-- What is required --
From the listing below, reproduce word for word the part that opens with the line containing "[set T | forall" and closes with the line containing "(* quotient norm"; reproduce nothing else.

(Excerpted records begins)

(* Let $I$ be a nonempty set and let $\mathcal{M}_I$ be the Banach algebra whose underlying Banach space is $\ell^1(I\times I)$ with product $(ab)(i,j)=\sum_{k\in I}a(i,k)b(k,j)$ for $a,b\in\mathcal{M}_I$, $i,j\in I$. Regard $\ell^1(I)$ as a Banach $\mathcal{M}_I$-bimodule via $(a\cdot b)(i)=\sum_{k\in I}a(i,k)b(k)$ and $(b\cdot a)(i)=\sum_{k\in I}b(k)a(k,i)$ for $a\in\mathcal{M}_I$, $b\in\ell^1(I)$, $i\in I$. Then the map $\nu:\ell^1(I)\hat{\otimes}_{\mathcal{M}_I}\ell^1(I)\to\mathbb{C}$ determined by $\nu(a\otimes b)=\sum_{i\in I}a(i)b(i)$ is a well-defined isomorphism of Banach spaces (the first factor being regarded as a right and the second as a left $\mathcal{M}_I$-module).
   Context: $\hat{\otimes}$ denotes the completed projective tensor product of Banach spaces. For a Banach algebra $A$, a right Banach $A$-module $E$ and a left Banach $A$-module $F$, the module tensor product $E\hat{\otimes}_A F$ is the quotient Banach space $(E\hat{\otimes}F)/N$, where $N$ is the closed linear span of $\{x\cdot a\otimes y-x\otimes a\cdot y: x\in E,\ y\in F,\ a\in A\}$. *)

From HB Require Import structures.
From mathcomp Require Import all_boot all_order all_algebra.
From mathcomp Require Import all_classical all_reals.
From mathcomp Require Import complex.
Set Implicit Arguments. Unset Strict Implicit. Unset Printing Implicit Defensive.
Import Order.TTheory GRing.Theory Num.Theory.
Local Open Scope ring_scope.
Local Open Scope complex_scope.

Section L1.
Variable R : realType.
Notation C := (R[i]).

Definition summable (I : choiceType) (f : I -> C) : Prop :=
  exists M : C, forall s : seq I, uniq s -> \sum_(i <- s) `|f i| <= M.

Definition has_sum (I : choiceType) (f : I -> C) (l : C) : Prop :=
  forall e : C, 0 < e -> exists s0 : seq I, forall s : seq I,
    uniq s -> {subset s0 <= s} -> `|\sum_(i <- s) f i - l| <= e.

Definition lsum (I : choiceType) (f : I -> C) : C := xget 0 [set l | has_sum f l].

Definition l1norm (I : choiceType) (f : I -> C) : C := lsum (fun i => `|f i|).

Definition lact (I : choiceType) (a : I * I -> C) (y : I -> C) : I -> C :=
  fun i => lsum (fun k => a (i, k) * y k).
Definition ract (I : choiceType) (x : I -> C) (a : I * I -> C) : I -> C :=
  fun i => lsum (fun k => x k * a (k, i)).

Definition bilform (I : choiceType) := (I -> C) -> (I -> C) -> C.

Definition bbil1 (I : choiceType) (phi : bilform I) : Prop :=
  (forall (c : C) x x' y, summable x -> summable x' -> summable y ->
     phi (c *: x + x') y = c * phi x y + phi x' y) /\
  (forall (c : C) x y y', summable x -> summable y -> summable y' ->
     phi x (c *: y + y') = c * phi x y + phi x y') /\
  (forall x y, summable x -> summable y -> `|phi x y| <= l1norm x * l1norm y).

(* Completed projective tensor product l^1(I) \hat\otimes l^1(I), realized
   (isometrically) as the norm closure of the algebraic tensor product inside
   its bidual, i.e. inside the dual of the space of bounded bilinear forms. *)
Definition tens (I : choiceType) := bilform I -> C.

Definition elt (I : choiceType) (x y : I -> C) : tens I := fun phi => phi x y.

(* projective norm of T is <= c  (dual norm over the unit ball of forms) *)
Definition pnorm_le (I : choiceType) (T : tens I) (c : C) : Prop :=
  forall phi, bbil1 phi -> `|T phi| <= c.

Definition ptens (I : choiceType) : set (tens I) :=
  [set T | forall e : C, 0 < e -> exists s : seq ((I -> C) * (I -> C)),
     (forall p, p \in s -> summable p.1 /\ summable p.2) /\
     pnorm_le (T - \sum_(p <- s) elt p.1 p.2) e].

(* N : closed linear span of the x.a (x) y - x (x) a.y *)
Definition balanced_gen (I : choiceType) (x : I -> C) (a : I * I -> C) (y : I -> C)
  : tens I := elt (ract x a) y - elt x (lact a y).

Definition Nsub (I : choiceType) : set (tens I) :=
  [set U | forall e : C, 0 < e ->
     exists s : seq (C * ((I -> C) * (I * I -> C) * (I -> C))),
     (forall p, p \in s ->
        [/\ summable p.2.1.1, summable p.2.1.2 & summable p.2.2]) /\
     pnorm_le (U - \sum_(p <- s) p.1 *: balanced_gen p.2.1.1 p.2.1.2 p.2.2) e].

(* quotient norm of the class of T in (l^1 \hat\otimes l^1)/N is <= d *)
Definition qnorm_le (I : choiceType) (T : tens I) (d : C) : Prop :=
  forall e : C, 0 < e -> exists U, Nsub U /\ pnorm_le (T - U) (d + e).

End L1.

(* Tensors are functionals on bounded bilinear forms, so nu is evaluation at
   the pairing <x, y> = sum_i x(i) y(i).  This form has norm at most 1 and, by
   Fubini, vanishes on every generator x.a (x) y - x (x) a.y of N; hence nu is
   well defined and contractive on the quotient.  Conversely, for the Dirac
   mass d at some i0 and the matrix a with row i0 equal to x and all other rows
   zero, d.a = x and a.y = <x, y> d, so x (x) y agrees with d (x) <x, y> d modulo
   N.  Every tensor T therefore lies, modulo N, within any e of
   d (x) nu(T) d, whose norm is |nu(T)|. *)
From HB Require Import structures.
From mathcomp Require Import all_boot all_order all_algebra.
From mathcomp Require Import all_classical all_reals.
From mathcomp Require Import complex ring lra.
Import Order.TTheory GRing.Theory Num.Theory.
Local Open Scope ring_scope.
Local Open Scope complex_scope.
Set Implicit Arguments. Unset Strict Implicit. Unset Printing Implicit Defensive.

Lemma sum_split_subset (T : eqType) (V : nmodType) (f : T -> V) (s t : seq T) :
  uniq s -> uniq t -> {subset s <= t} ->
  \sum_(i <- t) f i = \sum_(i <- s) f i + \sum_(i <- t | i \notin s) f i.
Proof.
move=> us ut st; rewrite (bigID (fun i => i \in s)) /=; congr (_ + _).
rewrite -big_filter; apply: perm_big; apply: uniq_perm => //.
  exact: filter_uniq.
by move=> x; rewrite mem_filter; case xs: (x \in s) => //=; rewrite st.
Qed.

Lemma sum_le_subset (T : eqType) (V : numDomainType) (f : T -> V) (s t : seq T) :
  (forall i, 0 <= f i) -> uniq s -> uniq t -> {subset s <= t} ->
  \sum_(i <- s) f i <= \sum_(i <- t) f i.
Proof.
move=> f0 us ut st; rewrite (sum_split_subset f us ut st) lerDl.
exact: sumr_ge0.
Qed.

Section UnorderedSums.
Variables (R : realType) (T : choiceType).
Local Notation C := R[i].
Implicit Types (f g : T -> C) (l m : C).

Lemma has_sum_unique f l m : has_sum f l -> has_sum f m -> l = m.
Proof.
move=> fl fm; apply/eqP; rewrite -subr_eq0 -normr_le0; apply/ler_addgt0Pr.
move=> e e0; rewrite add0r.
have e20 : 0 < e / 2 by rewrite divr_gt0.
have [s0 Hs0] := fl _ e20; have [s1 Hs1] := fm _ e20.
pose s := undup (s0 ++ s1).
have us : uniq s by apply: undup_uniq.
have -> : l - m = (\sum_(i <- s) f i - m) - (\sum_(i <- s) f i - l) by ring.
apply: le_trans (ler_normB _ _) _; rewrite [e](splitr e); apply: lerD.
  by apply: Hs1 => // x xs; rewrite mem_undup mem_cat xs orbT.
by apply: Hs0 => // x xs; rewrite mem_undup mem_cat xs.
Qed.

Lemma lsumE f l : has_sum f l -> lsum f = l.
Proof. by move=> fl; apply: xget_unique => // m /has_sum_unique; apply. Qed.

Lemma has_sum0 : has_sum (fun _ : T => 0 : C) 0.
Proof. by move=> e e0; exists [::] => s _ _; rewrite big1 // subrr normr0 ltW. Qed.

Lemma has_sumD f g l m :
  has_sum f l -> has_sum g m -> has_sum (fun i => f i + g i) (l + m).
Proof.
move=> fl gm e e0; have e20 : 0 < e / 2 by rewrite divr_gt0.
have [s0 Hs0] := fl _ e20; have [s1 Hs1] := gm _ e20.
exists (s0 ++ s1) => s us ss; rewrite big_split /=.
have -> : \sum_(i <- s) f i + \sum_(i <- s) g i - (l + m) =
  (\sum_(i <- s) f i - l) + (\sum_(i <- s) g i - m) by ring.
apply: le_trans (ler_normD _ _) _; rewrite [e](splitr e); apply: lerD.
  by apply: Hs0 => // x xs; apply: ss; rewrite mem_cat xs.
by apply: Hs1 => // x xs; apply: ss; rewrite mem_cat xs orbT.
Qed.

Lemma has_sumZ c f l : has_sum f l -> has_sum (fun i => c * f i) (c * l).
Proof.
move=> fl e e0; have c1 : 0 < `|c| + 1 by rewrite ltr_wpDl.
have [s0 Hs0] := fl _ (divr_gt0 e0 c1); exists s0 => s us ss.
rewrite -mulr_sumr -mulrBr normrM.
apply: le_trans (ler_wpM2l (normr_ge0 _) (Hs0 s us ss)) _.
apply: le_trans (_ : (`|c| + 1) * (e / (`|c| + 1)) <= e).
  by apply: ler_wpM2r; [rewrite ltW ?divr_gt0 | rewrite lerDl].
by rewrite mulrC divfK // gt_eqF.
Qed.

Lemma has_sumN f l : has_sum f l -> has_sum (fun i => - f i) (- l).
Proof.
move=> /(has_sumZ (-1)); rewrite mulN1r.
by congr has_sum; apply/funext => i; rewrite mulN1r.
Qed.

Lemma has_sum_finsupp f (s0 : seq T) :
  (forall i, i \notin s0 -> f i = 0) -> has_sum f (\sum_(i <- undup s0) f i).
Proof.
move=> f0 e e0; exists (undup s0) => s us ss.
rewrite (sum_split_subset f (undup_uniq s0) us ss) addrAC subrr add0r.
by rewrite big1 ?normr0 ?ltW // => i; rewrite mem_undup => /f0.
Qed.

Lemma has_sum_supp1 f i0 : (forall i, i != i0 -> f i = 0) -> has_sum f (f i0).
Proof.
move=> f0; have := @has_sum_finsupp f [:: i0].
by rewrite /= big_seq1; apply => i; rewrite inE; apply: f0.
Qed.

Lemma norm_has_sum_le f l B :
  has_sum f l -> (forall s, uniq s -> `|\sum_(i <- s) f i| <= B) -> `|l| <= B.
Proof.
move=> fl fB; apply/ler_addgt0Pr => e e0; have [s0 Hs0] := fl _ e0.
have le_e := Hs0 _ (undup_uniq s0) (fun x => ltac:(by rewrite mem_undup)).
have -> : l = \sum_(i <- undup s0) f i - (\sum_(i <- undup s0) f i - l) by ring.
by apply: le_trans (ler_normB _ _) _; apply: lerD => //; apply/fB/undup_uniq.
Qed.

Lemma real_ge0_cplx (x : C) : 0 <= x -> x = (complex.Re x)%:C.
Proof. by case: x => a b; rewrite lecE /= => /andP[/eqP -> _]. Qed.

Lemma normc_real (a : R) : `|a%:C| = `|a|%:C.
Proof. by rewrite normc_def /= expr0n /= addr0 sqrtr_sqr. Qed.

(* The sum is the supremum, taken in R, of the finite partial sums. *)
Lemma has_sum_ge0_bounded f (M : C) :
  (forall i, 0 <= f i) -> (forall s, uniq s -> \sum_(i <- s) f i <= M) ->
  exists2 l, has_sum f l & forall s, uniq s -> \sum_(i <- s) f i <= l.
Proof.
move=> f0 fM; pose sums : set R :=
  fun r => exists2 s, uniq s & r = complex.Re (\sum_(i <- s) f i).
have sum_ge0 s : 0 <= \sum_(i <- s) f i by apply: sumr_ge0.
have sums_sup : has_sup sums.
  split; first by exists 0; exists [::] => //; rewrite big_nil.
  exists (complex.Re M) => r [s us ->].
  by rewrite -lecR -!real_ge0_cplx ?fM // (le_trans (sum_ge0 s)) ?fM.
have sum_le_sup s : uniq s -> complex.Re (\sum_(i <- s) f i) <= sup sums.
  by move=> us; apply: sup_upper_bound => //; exists s.
exists (sup sums)%:C; last first.
  by move=> s us; rewrite (real_ge0_cplx (sum_ge0 s)) lecR sum_le_sup.
move=> e e0; have e0' : 0 < complex.Re e by rewrite -ltcR -real_ge0_cplx // ltW.
have [r [s0 us0 ->] lt_r] := sup_adherent e0' sums_sup.
exists s0 => s us ss.
have : complex.Re (\sum_(i <- s0) f i) <= complex.Re (\sum_(i <- s) f i).
  by rewrite -lecR -!real_ge0_cplx //; apply: sum_le_subset.
have := sum_le_sup s us.
rewrite (real_ge0_cplx (sum_ge0 s)) -rmorphB normc_real (real_ge0_cplx (ltW e0)).
rewrite lecR ler_norml; move=> *; apply/andP; split; lra.
Qed.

(Excerpted records ends)

-- Answer for the task --
  [set T | forall e : C, 0 < e -> exists s : seq ((I -> C) * (I -> C)),
     (forall p, p \in s -> summable p.1 /\ summable p.2) /\
     pnorm_le (T - \sum_(p <- s) elt p.1 p.2) e].

(* N : closed linear span of the x.a (x) y - x (x) a.y *)
Definition balanced_gen (I : choiceType) (x : I -> C) (a : I * I -> C) (y : I -> C)
  : tens I := elt (ract x a) y - elt x (lact a y).

Definition Nsub (I : choiceType) : set (tens I) :=
  [set U | forall e : C, 0 < e ->
     exists s : seq (C * ((I -> C) * (I * I -> C) * (I -> C))),
     (forall p, p \in s ->
        [/\ summable p.2.1.1, summable p.2.1.2 & summable p.2.2]) /\
     pnorm_le (U - \sum_(p <- s) p.1 *: balanced_gen p.2.1.1 p.2.1.2 p.2.2) e].

(* quotient norm of the class of T in (l^1 \hat\otimes l^1)/N is <= d *)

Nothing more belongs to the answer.